Stored items:
# # # # #

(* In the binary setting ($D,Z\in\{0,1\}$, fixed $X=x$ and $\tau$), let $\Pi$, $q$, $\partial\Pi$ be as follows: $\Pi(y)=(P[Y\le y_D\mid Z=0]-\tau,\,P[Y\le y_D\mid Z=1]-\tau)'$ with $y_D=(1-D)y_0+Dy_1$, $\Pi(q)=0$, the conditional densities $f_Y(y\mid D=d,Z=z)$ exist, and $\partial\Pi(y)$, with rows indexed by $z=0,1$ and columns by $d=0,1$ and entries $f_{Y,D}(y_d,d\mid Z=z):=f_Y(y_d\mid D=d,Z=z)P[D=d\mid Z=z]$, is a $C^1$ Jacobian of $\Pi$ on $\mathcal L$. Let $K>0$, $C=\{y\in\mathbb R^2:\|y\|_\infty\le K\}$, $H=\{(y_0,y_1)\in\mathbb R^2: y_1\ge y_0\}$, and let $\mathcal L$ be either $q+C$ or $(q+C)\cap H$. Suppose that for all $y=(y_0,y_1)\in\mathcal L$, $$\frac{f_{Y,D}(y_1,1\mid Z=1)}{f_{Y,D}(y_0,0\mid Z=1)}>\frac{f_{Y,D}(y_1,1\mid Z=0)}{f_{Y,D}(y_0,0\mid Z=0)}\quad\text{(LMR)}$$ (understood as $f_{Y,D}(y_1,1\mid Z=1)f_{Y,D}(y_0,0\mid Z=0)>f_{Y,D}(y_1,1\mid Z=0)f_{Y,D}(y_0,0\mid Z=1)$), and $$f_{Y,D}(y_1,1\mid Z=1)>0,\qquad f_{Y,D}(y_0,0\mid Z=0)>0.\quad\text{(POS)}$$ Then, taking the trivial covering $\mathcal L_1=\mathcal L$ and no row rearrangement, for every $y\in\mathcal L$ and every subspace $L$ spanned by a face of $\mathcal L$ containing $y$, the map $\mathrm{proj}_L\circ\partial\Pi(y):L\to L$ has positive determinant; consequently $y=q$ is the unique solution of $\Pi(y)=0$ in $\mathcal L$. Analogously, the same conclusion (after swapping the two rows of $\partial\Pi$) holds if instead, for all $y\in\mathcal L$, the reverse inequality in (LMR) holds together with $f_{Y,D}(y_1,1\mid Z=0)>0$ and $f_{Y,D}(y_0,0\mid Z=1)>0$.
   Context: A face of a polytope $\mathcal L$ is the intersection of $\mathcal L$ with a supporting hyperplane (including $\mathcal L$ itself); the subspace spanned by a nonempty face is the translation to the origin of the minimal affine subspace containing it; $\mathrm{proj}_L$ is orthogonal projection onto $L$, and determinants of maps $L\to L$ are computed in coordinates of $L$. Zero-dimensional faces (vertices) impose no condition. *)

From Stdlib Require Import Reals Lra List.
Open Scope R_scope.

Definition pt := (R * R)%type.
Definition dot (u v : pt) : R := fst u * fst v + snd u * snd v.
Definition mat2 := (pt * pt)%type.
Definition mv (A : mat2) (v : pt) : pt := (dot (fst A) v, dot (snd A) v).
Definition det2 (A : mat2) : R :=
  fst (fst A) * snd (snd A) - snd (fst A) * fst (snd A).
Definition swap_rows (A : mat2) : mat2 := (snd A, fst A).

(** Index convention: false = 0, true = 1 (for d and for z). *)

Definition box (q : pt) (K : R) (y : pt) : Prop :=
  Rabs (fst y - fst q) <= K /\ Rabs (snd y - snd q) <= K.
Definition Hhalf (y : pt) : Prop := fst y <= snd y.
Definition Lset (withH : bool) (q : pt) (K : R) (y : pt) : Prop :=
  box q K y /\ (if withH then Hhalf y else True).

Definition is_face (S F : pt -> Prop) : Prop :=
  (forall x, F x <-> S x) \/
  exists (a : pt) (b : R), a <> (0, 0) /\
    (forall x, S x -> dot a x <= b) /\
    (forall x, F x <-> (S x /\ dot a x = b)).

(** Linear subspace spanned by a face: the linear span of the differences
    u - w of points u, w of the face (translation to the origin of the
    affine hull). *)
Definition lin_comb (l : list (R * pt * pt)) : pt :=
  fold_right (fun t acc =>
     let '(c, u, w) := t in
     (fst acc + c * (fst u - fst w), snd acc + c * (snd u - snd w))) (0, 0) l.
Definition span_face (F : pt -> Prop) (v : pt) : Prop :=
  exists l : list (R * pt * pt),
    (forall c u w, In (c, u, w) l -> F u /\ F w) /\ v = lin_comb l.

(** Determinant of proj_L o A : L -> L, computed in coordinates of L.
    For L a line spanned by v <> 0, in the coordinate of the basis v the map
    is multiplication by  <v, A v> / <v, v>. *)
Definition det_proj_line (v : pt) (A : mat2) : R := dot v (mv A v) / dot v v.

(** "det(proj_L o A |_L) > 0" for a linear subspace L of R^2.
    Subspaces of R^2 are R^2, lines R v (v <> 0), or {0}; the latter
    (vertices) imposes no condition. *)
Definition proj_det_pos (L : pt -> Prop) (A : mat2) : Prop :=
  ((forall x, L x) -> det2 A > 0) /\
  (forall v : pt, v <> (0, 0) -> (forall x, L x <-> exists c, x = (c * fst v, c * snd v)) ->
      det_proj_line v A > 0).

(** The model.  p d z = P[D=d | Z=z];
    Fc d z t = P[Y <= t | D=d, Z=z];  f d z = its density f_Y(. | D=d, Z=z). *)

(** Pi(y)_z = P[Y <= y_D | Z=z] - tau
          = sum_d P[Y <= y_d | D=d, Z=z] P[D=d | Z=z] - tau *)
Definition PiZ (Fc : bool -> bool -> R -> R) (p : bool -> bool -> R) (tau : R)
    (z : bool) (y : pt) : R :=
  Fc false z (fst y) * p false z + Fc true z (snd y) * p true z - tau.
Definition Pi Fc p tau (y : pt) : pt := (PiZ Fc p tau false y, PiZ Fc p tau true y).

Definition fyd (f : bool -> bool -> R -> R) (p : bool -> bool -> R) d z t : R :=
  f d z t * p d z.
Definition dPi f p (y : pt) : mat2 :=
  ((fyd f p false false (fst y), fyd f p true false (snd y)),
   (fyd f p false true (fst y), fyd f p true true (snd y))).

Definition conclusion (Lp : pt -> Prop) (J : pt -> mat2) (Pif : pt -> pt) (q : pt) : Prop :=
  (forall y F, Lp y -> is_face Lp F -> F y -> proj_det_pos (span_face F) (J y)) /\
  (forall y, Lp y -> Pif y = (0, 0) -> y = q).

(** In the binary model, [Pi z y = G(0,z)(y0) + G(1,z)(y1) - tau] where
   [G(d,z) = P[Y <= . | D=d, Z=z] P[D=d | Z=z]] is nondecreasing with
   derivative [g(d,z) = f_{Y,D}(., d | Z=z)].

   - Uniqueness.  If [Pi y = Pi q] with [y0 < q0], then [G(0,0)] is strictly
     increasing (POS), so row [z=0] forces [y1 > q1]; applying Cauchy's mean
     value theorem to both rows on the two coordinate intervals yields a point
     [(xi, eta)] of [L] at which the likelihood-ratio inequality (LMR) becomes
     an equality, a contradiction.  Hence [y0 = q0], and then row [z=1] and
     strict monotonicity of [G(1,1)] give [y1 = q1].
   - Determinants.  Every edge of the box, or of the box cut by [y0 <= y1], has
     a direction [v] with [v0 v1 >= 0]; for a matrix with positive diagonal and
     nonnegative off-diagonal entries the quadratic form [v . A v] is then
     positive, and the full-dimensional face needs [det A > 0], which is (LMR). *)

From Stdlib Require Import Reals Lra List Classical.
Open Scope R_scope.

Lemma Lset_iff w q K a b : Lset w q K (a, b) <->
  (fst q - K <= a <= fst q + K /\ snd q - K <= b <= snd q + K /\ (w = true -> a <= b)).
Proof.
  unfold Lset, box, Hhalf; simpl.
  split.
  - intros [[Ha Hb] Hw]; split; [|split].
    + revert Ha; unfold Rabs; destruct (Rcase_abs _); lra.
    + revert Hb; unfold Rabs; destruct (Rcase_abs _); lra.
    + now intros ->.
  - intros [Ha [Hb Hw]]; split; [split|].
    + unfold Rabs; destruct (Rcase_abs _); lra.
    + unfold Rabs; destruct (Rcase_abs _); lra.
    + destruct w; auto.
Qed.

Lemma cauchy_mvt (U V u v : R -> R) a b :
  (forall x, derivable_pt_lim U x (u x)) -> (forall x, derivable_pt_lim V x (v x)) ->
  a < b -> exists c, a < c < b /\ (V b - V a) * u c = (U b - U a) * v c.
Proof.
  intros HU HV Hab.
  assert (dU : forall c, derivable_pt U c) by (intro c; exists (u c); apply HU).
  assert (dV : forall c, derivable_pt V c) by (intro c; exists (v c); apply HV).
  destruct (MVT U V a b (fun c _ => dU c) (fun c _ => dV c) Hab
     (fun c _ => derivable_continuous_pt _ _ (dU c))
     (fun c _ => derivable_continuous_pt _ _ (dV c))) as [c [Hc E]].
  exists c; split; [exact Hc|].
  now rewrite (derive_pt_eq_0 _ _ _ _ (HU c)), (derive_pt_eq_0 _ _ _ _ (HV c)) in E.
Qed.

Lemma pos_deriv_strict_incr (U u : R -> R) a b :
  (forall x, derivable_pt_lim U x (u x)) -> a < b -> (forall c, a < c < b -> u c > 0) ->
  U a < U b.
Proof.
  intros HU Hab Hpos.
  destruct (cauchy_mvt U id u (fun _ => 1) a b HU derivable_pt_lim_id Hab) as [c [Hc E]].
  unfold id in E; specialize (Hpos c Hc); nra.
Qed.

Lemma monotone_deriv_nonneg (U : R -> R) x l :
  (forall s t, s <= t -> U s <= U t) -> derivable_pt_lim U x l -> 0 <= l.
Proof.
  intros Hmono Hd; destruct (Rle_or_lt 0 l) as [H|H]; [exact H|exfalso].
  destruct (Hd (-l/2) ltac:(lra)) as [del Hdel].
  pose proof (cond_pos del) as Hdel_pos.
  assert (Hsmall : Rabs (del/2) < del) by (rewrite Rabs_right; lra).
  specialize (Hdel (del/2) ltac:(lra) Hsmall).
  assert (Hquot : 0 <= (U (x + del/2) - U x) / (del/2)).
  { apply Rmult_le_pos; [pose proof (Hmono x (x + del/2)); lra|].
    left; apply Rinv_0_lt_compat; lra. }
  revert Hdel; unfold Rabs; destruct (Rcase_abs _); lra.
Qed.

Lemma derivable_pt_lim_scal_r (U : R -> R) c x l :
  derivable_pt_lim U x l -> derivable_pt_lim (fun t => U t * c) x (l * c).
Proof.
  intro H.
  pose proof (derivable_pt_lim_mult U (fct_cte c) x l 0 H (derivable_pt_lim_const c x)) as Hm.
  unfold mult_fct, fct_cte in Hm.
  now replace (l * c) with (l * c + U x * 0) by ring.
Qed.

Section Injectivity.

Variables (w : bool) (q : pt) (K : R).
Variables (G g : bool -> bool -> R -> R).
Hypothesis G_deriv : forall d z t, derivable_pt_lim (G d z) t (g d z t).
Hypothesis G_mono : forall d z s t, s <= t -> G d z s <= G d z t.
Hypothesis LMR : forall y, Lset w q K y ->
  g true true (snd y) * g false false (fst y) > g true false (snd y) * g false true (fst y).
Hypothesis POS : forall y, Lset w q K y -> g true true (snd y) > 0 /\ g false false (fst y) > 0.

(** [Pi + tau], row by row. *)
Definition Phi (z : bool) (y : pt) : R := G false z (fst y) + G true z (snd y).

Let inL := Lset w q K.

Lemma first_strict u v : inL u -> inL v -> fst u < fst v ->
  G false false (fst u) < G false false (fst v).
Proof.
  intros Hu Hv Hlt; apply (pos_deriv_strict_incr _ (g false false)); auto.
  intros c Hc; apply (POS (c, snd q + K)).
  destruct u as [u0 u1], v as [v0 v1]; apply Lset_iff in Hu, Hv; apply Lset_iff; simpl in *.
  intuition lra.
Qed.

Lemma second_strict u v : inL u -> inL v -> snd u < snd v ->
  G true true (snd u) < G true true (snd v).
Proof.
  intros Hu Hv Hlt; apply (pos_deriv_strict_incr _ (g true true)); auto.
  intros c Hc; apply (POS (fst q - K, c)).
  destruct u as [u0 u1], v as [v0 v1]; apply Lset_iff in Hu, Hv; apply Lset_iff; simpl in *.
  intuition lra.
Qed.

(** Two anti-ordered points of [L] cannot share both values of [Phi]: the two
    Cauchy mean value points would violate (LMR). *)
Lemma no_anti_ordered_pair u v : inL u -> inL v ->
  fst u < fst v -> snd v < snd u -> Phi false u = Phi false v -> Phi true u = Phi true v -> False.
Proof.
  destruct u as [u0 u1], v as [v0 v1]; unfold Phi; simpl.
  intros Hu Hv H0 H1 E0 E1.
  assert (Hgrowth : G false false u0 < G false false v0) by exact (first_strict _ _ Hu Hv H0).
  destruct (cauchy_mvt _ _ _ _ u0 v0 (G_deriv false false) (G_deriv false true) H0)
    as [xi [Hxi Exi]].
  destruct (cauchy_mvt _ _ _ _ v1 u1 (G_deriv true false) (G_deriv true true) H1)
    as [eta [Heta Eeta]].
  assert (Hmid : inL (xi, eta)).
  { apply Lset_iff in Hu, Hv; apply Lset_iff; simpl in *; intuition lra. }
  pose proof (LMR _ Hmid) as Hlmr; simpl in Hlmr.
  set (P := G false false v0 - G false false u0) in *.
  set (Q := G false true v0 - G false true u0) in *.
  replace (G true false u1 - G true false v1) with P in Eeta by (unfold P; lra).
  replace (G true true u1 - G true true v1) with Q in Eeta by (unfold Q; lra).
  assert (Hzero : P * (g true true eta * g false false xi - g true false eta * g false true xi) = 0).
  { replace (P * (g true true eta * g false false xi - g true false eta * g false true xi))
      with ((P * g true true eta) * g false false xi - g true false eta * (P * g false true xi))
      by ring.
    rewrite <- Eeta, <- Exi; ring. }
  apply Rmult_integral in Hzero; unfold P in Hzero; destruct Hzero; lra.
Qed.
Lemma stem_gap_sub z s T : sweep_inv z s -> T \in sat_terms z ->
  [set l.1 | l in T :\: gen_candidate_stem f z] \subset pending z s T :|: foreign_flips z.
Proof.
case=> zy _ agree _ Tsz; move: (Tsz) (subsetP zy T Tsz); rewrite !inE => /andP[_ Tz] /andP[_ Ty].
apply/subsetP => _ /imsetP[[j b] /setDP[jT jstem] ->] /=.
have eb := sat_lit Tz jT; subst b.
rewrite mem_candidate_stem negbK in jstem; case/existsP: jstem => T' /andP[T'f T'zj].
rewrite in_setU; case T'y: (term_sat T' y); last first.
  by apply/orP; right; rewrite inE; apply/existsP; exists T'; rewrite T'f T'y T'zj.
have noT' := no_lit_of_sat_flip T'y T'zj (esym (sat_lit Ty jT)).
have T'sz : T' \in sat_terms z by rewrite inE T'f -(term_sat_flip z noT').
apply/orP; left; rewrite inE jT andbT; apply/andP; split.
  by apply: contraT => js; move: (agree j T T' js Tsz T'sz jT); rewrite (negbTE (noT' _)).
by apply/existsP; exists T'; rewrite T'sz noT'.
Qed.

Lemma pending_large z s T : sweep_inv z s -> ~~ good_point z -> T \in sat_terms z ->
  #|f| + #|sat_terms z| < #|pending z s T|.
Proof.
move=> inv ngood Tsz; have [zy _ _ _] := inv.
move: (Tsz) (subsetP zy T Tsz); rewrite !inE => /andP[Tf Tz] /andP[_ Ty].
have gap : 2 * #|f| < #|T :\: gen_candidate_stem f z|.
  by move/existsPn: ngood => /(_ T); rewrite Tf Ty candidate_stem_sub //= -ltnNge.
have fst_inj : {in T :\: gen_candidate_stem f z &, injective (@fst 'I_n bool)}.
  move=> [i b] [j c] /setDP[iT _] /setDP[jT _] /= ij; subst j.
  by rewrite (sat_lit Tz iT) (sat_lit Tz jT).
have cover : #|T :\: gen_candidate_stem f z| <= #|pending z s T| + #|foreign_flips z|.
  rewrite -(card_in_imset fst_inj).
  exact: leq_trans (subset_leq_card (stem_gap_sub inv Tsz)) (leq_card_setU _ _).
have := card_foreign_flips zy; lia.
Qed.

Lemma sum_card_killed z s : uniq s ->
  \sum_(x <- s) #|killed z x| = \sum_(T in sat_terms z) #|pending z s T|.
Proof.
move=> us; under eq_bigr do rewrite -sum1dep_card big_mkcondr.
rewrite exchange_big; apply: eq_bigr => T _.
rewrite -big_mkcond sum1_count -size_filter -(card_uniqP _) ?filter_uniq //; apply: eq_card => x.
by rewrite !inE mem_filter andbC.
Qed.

# # # # #

The answer should contain only the lines from the first line of the entries through the line holding "Definition dot (u", each exactly as written.

(* In the binary setting ($D,Z\in\{0,1\}$, fixed $X=x$ and $\tau$), let $\Pi$, $q$, $\partial\Pi$ be as follows: $\Pi(y)=(P[Y\le y_D\mid Z=0]-\tau,\,P[Y\le y_D\mid Z=1]-\tau)'$ with $y_D=(1-D)y_0+Dy_1$, $\Pi(q)=0$, the conditional densities $f_Y(y\mid D=d,Z=z)$ exist, and $\partial\Pi(y)$, with rows indexed by $z=0,1$ and columns by $d=0,1$ and entries $f_{Y,D}(y_d,d\mid Z=z):=f_Y(y_d\mid D=d,Z=z)P[D=d\mid Z=z]$, is a $C^1$ Jacobian of $\Pi$ on $\mathcal L$. Let $K>0$, $C=\{y\in\mathbb R^2:\|y\|_\infty\le K\}$, $H=\{(y_0,y_1)\in\mathbb R^2: y_1\ge y_0\}$, and let $\mathcal L$ be either $q+C$ or $(q+C)\cap H$. Suppose that for all $y=(y_0,y_1)\in\mathcal L$, $$\frac{f_{Y,D}(y_1,1\mid Z=1)}{f_{Y,D}(y_0,0\mid Z=1)}>\frac{f_{Y,D}(y_1,1\mid Z=0)}{f_{Y,D}(y_0,0\mid Z=0)}\quad\text{(LMR)}$$ (understood as $f_{Y,D}(y_1,1\mid Z=1)f_{Y,D}(y_0,0\mid Z=0)>f_{Y,D}(y_1,1\mid Z=0)f_{Y,D}(y_0,0\mid Z=1)$), and $$f_{Y,D}(y_1,1\mid Z=1)>0,\qquad f_{Y,D}(y_0,0\mid Z=0)>0.\quad\text{(POS)}$$ Then, taking the trivial covering $\mathcal L_1=\mathcal L$ and no row rearrangement, for every $y\in\mathcal L$ and every subspace $L$ spanned by a face of $\mathcal L$ containing $y$, the map $\mathrm{proj}_L\circ\partial\Pi(y):L\to L$ has positive determinant; consequently $y=q$ is the unique solution of $\Pi(y)=0$ in $\mathcal L$. Analogously, the same conclusion (after swapping the two rows of $\partial\Pi$) holds if instead, for all $y\in\mathcal L$, the reverse inequality in (LMR) holds together with $f_{Y,D}(y_1,1\mid Z=0)>0$ and $f_{Y,D}(y_0,0\mid Z=1)>0$.
   Context: A face of a polytope $\mathcal L$ is the intersection of $\mathcal L$ with a supporting hyperplane (including $\mathcal L$ itself); the subspace spanned by a nonempty face is the translation to the origin of the minimal affine subspace containing it; $\mathrm{proj}_L$ is orthogonal projection onto $L$, and determinants of maps $L\to L$ are computed in coordinates of $L$. Zero-dimensional faces (vertices) impose no condition. *)

From Stdlib Require Import Reals Lra List.
Open Scope R_scope.

Definition pt := (R * R)%type.
Definition dot (u v : pt) : R := fst u * fst v + snd u * snd v.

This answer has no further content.